We are powerless to reconcile ourselves to God. We’re hopeless. And Jesus Christ looked down and saw mankind hopelessly lost, realized that left to ourselves, it didn’t matter the good we could do, It didn’t matter the money we gave, how often we went to church, that we would still be condemned to hell for all of eternity, and rightfully so, because we’d sinned against God.

And he looked on us and he saw us hopelessly lost and had compassion on us. At the cross, he satisfied God’s holiness and justice. That’s the next line in the bulletin.

He satisfied God’s holiness and justice. See, I read an article this week that was talking about the difference between every other religion and Christianity. And first of all, every other religion says you have to do something Christianity says you’re hopelessly lost. Folks, you want an ego boost?

Don’t become a Christian because we have to. My pastor used to say all the time growing up, the church and the hell’s angels are the only groups you have to admit to being bad before you can get in. We have to admit our sin to come to Christ. So every other religion says do, and Christianity says you can’t.

Well, all these other religions, if they believe their God forgives sins, for example, the Islamic religion, they believe that Allah forgives sins, but that means he overlooks it. And so he shows mercy. If he shows mercy at all, he shows mercy at the expense of his holiness and justice, because he has to just let bygones be bygones and pretend that sin didn’t happen.

Folks, we can’t ask our God to stop being God for a minute and just let our sin go. Christianity is the only religion in the world where God meets out mercy along with his holiness and justice. By submitting his own son, by God himself going to pay the ultimate price.
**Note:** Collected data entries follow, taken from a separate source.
Lemma cycle_diff_grover j : cycle_diff G j = cycle_diff Psi (ordS j).
Proof.
rewrite /cycle_diff c_cycleE cbar_cycleE.
case: j => -[|[|[|[|//]]]] ?; rewrite /= ?grover_a1 ?grover_b1 ?grover_a2 ?grover_b2
  ?grover_a3 ?grover_b3 ?grover_a4 ?grover_b4; ring.
Qed.
End GroverLaws.

Definition cycle_arcs : seq arc := c_cycle ++ cbar_cycle.

Lemma uniq_cycle_arcs : uniq cycle_arcs.
Proof. by []. Qed.

Section Gamma.
Variable R : realType.
Local Notation C := R[i].
Implicit Type Psi : state R.

Lemma gam_c m j : gam R m (tnth c_cycle j) = 'i%C ^+ (m * j.+1).
Proof.
rewrite /gam /wm !big_ord_recl !big_ord0.
by case: j => -[|[|[|[|//]]]] ? /=; rewrite /bump /= !mulr0 ?mulr1 !addr0 ?add0r subr0.
Qed.

Lemma gam_cbar m j : gam R m (tnth cbar_cycle j) = - 'i%C ^+ (m * j.+1).
Proof.
rewrite /gam /wm !big_ord_recl !big_ord0.
by case: j => -[|[|[|[|//]]]] ? /=; rewrite /bump /= !mulr0 ?mulr1 !addr0 ?add0r ?sub0r.
Qed.

Lemma gam_out m e : e \notin cycle_arcs -> gam R m e = 0.
Proof.
rewrite mem_cat negb_or => /andP [ec ecb].
have off (p : 4.-tuple arc) j : e \notin p -> (e == tnth p j)%:R = 0 :> C.
  by move=> ep; apply/eqP; rewrite pnatr_eq0 eqb0; apply: contra ep => /eqP ->; exact: mem_tnth.
by rewrite /gam /wm !big1 ?subrr // => j _; rewrite off ?mulr0.
Qed.

Lemma inner_fin_seq (gamma Psi : state R) (s : seq arc) : uniq s ->
  (forall e, e \notin s -> gamma e = 0) ->
  inner_fin gamma Psi = \sum_(e <- s) (gamma e)^* * Psi e.
Proof.
move=> us gamma_s; rewrite /inner_fin -(fsbig_widen [set` s]) //.
  by rewrite -fsbig_seq.
by move=> e [_ /negP es] /=; rewrite gamma_s // conjC0 mul0r.
Qed.

Lemma inner_fin_cycle (gamma Psi : state R) :
  (forall e, e \notin cycle_arcs -> gamma e = 0) ->
  (forall j, gamma (tnth cbar_cycle j) = - gamma (tnth c_cycle j)) ->
  inner_fin gamma Psi = \sum_(j < 4) (gamma (tnth c_cycle j))^* * cycle_diff Psi j.
Proof.
move=> gamma_out gamma_cbar.
rewrite (inner_fin_seq _ uniq_cycle_arcs gamma_out) big_cat /= !big_tuple -big_split /=.
by apply: eq_bigr => j _; rewrite gamma_cbar rmorphN /cycle_diff /=; ring.
Qed.

Lemma inGamma_gam (m : 'I_4) : inGamma (gam R m.+1).
Proof.
exists (fun k => (k == m)%:R); apply/funext => e.
by rewrite (bigD1 m) //= eqxx mul1r big1 ?addr0 // => k /negbTE ->; rewrite mul0r.
Qed.

Lemma perp_GammaP Psi : inGamma_perp Psi <-> forall j, cycle_diff Psi j = 0.
Proof.
split => [perp | d0 _ [a ->]]; last first.
  rewrite inner_fin_cycle => [|e he|j]; first by rewrite big1 // => j _; rewrite d0 mulr0.
    by apply: big1 => m _; rewrite gam_out ?mulr0.
  by rewrite -sumrN; apply: eq_bigr => m _; rewrite gam_c gam_cbar mulrN.
suff : forall j, (cycle_diff Psi j)^* = 0 by move=> h j; apply/eqP; rewrite -conjC_eq0 h.
apply: (dft_eq0 (prim_root_i R)) => m.
have := perp _ (inGamma_gam m).
rewrite inner_fin_cycle => [|e|j]; [|exact: gam_out|by rewrite gam_c gam_cbar].
move=> /(congr1 Num.conj); rewrite conjC0 rmorph_sum => sum0; rewrite -[RHS]sum0.
by apply: eq_bigr => j _; rewrite gam_c rmorphM /= conjCK.
Qed.
End Gamma.


Lemma adj_right_in k : adj (vpos k.+1) (vpos k.+2).
Proof. by rewrite -mem_neighbours /= ?inE eqxx. Qed.

Lemma adj_left_in k : adj (vneg k) (vneg k.+1).
Proof. by rewrite adj_sym -mem_neighbours /= ?inE eqxx ?orbT. Qed.

Lemma right_in_inj : injective right_in.
Proof. by move=> k l /(congr1 val); rewrite !val_arc_of ?adj_right_in // => -[]. Qed.

Lemma left_in_inj : injective left_in.
Proof. by move=> k l /(congr1 val); rewrite !val_arc_of ?adj_left_in // => -[]. Qed.

Section Evolution.
Variables (R : realType) (Psi0 : state R).
Local Notation P t := (Psi_t Psi0 t).

Lemma Psi_tS t : P t.+1 = grover (P t).
Proof. by []. Qed.

Lemma Psi_t_right_in t k : P t (right_in k) = Psi0 (right_in (k + t)).
Proof. by elim: t k => [|t IH] k; rewrite ?addn0 // Psi_tS grover_right_in IH addSnnS. Qed.

Lemma Psi_t_left_in t k : P t (left_in k) = Psi0 (left_in (k + t)).
Proof. by elim: t k => [|t IH] k; rewrite ?addn0 // Psi_tS grover_left_in IH addSnnS. Qed.

Lemma Psi_t_hub_right t : P t.+1 hub_right = Psi0 (right_in t).
Proof. by rewrite Psi_tS grover_hub_right Psi_t_right_in. Qed.

Lemma Psi_t_hub_left t : P t.+1 hub_left = Psi0 (left_in t).
Proof. by rewrite Psi_tS grover_hub_left Psi_t_left_in. Qed.

Lemma mu_neighbours t v : mu Psi0 t v = \sum_(w <- neighbours v) sqabs (P t (arc_of v w)).
Proof. exact: big_out_arcs. Qed.

Lemma probX_pos t k : probX Psi0 t (Posz k.+1) = sqabs (P t (right_in k)) + sqabs (P t (right_out k)).
Proof. by rewrite /probX /Vset /= fsbig_set1 mu_neighbours /= !big_cons big_nil addr0. Qed.

Lemma probX_neg t k : probX Psi0 t (Negz k) = sqabs (P t (left_in k)) + sqabs (P t (left_out k)).
Proof. by case: k => [|k]; rewrite /probX /Vset /= fsbig_set1 mu_neighbours /= !big_cons big_nil addr0. Qed.

Lemma probX_hub t : probX Psi0 t 0 =
  \sum_(j < 4) (sqabs (P t (tnth c_cycle j)) + sqabs (P t (tnth cbar_cycle j))) +
  (sqabs (P t hub_right) + sqabs (P t hub_left)).
Proof.
rewrite /probX /Vset /= (fsbig_fwiden [:: v0; vu; v0'; vd]) //=.
- rewrite !big_cons big_nil !mu_neighbours /= !big_cons !big_nil c_cycleE cbar_cycleE.
  by rewrite !big_ord_recl big_ord0 /=; ring.
- by move=> x [[[->|->]|->]|->] /=; rewrite !inE eqxx ?orbT.
- move=> x [/= + []]; rewrite !inE.
  by case/or4P => /eqP ->; [left; left; left | left; left; right | left; right | right].
Qed.
End Evolution.

Definition cycle_energy (R : realType) (Psi : state R) : R :=
  \sum_(j < 4) sqabs (cycle_diff Psi j).

Lemma cycle_energy_grover (R : realType) (Psi : state R) :
  cycle_energy (grover Psi) = cycle_energy Psi.
Proof.
rewrite /cycle_energy; under eq_bigr do rewrite cycle_diff_grover.
by rewrite [RHS](reindex_inj (@ordS_inj 4)).
Qed.

Lemma cycle_energy_Psi_t (R : realType) (Psi0 : state R) t :
  cycle_energy (Psi_t Psi0 t) = cycle_energy Psi0.
Proof. by elim: t => // t IH; rewrite Psi_tS cycle_energy_grover. Qed.

Lemma cycle_energy_ge0 (R : realType) (Psi : state R) : 0 <= cycle_energy Psi.
Proof. by apply: sumr_ge0 => j _; exact: sqabs_ge0. Qed.

Lemma cycle_energy_eq0 (R : realType) (Psi : state R) :
  cycle_energy Psi = 0 <-> forall j, cycle_diff Psi j = 0.
Proof.
split=> [/psumr_eq0P E0 j | d0]; last by rewrite /cycle_energy big1 // => j _; rewrite d0 sqabsE normc0 expr0n.
by apply/eqP; rewrite -sqabs_eq0 E0 // => i _; exact: sqabs_ge0.
Qed.

Lemma cycle_energy_le_probX (R : realType) (Psi0 : state R) t :
  cycle_energy (Psi_t Psi0 t) <= 2%:R * probX Psi0 t 0.
Proof.
rewrite probX_hub mulrDr; apply: ler_wpDr; first by rewrite mulr_ge0 // addr_ge0 // sqabs_ge0.
by rewrite mulr_sumr; apply: ler_sum => j _; exact: sqabs_sub_le.
Qed.

Section ZeroCycleEnergy.
Variables (R : realType) (Psi0 : state R).
Hypotheses (fin : (sqnorm Psi0 < +oo)%E) (E0 : cycle_energy Psi0 = 0).
Local Notation P t := (Psi_t Psi0 t).
Local Notation fades e := (vanishing (fun t => normc (P t e))).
His judgment on sin was accomplished. The penalty was paid. God’s holiness was intact because he didn’t compromise with sin, and yet now he’s able to show mercy.

So Jesus Christ came to pay the penalty for us, but also to keep God’s holiness and justice intact. And finally this morning, he made God’s mercy available to mankind. As I said a moment ago, God couldn’t just give mercy with no penalty being paid.

Wait a minute, I thought God could do everything. Folks, God can do anything consistent with His nature. And to say that God would just give mercy without the penalty being paid would be to ask God to stop being God, to ask Him to stop being holy, to ask Him to stop being just. And Ephesians tells us, Folks, the message that we have to preach, the story we have to tell, is about Jesus Christ dying for our sins according to the Scriptures, being buried and rising again on the third day according to the scriptures.

It really is that simple. If I’ve made you feel today like it was hard by saying, oh, there are all these things I have to explain, all these theological things. Folks, you may not have to explain all these things.

Some of the stuff about who Jesus is, people may already know. Folks, the gospel message is very simple, that Jesus Christ died for us, that there was a penalty paid, a transaction was made, but they also need to understand who did it and why he did it.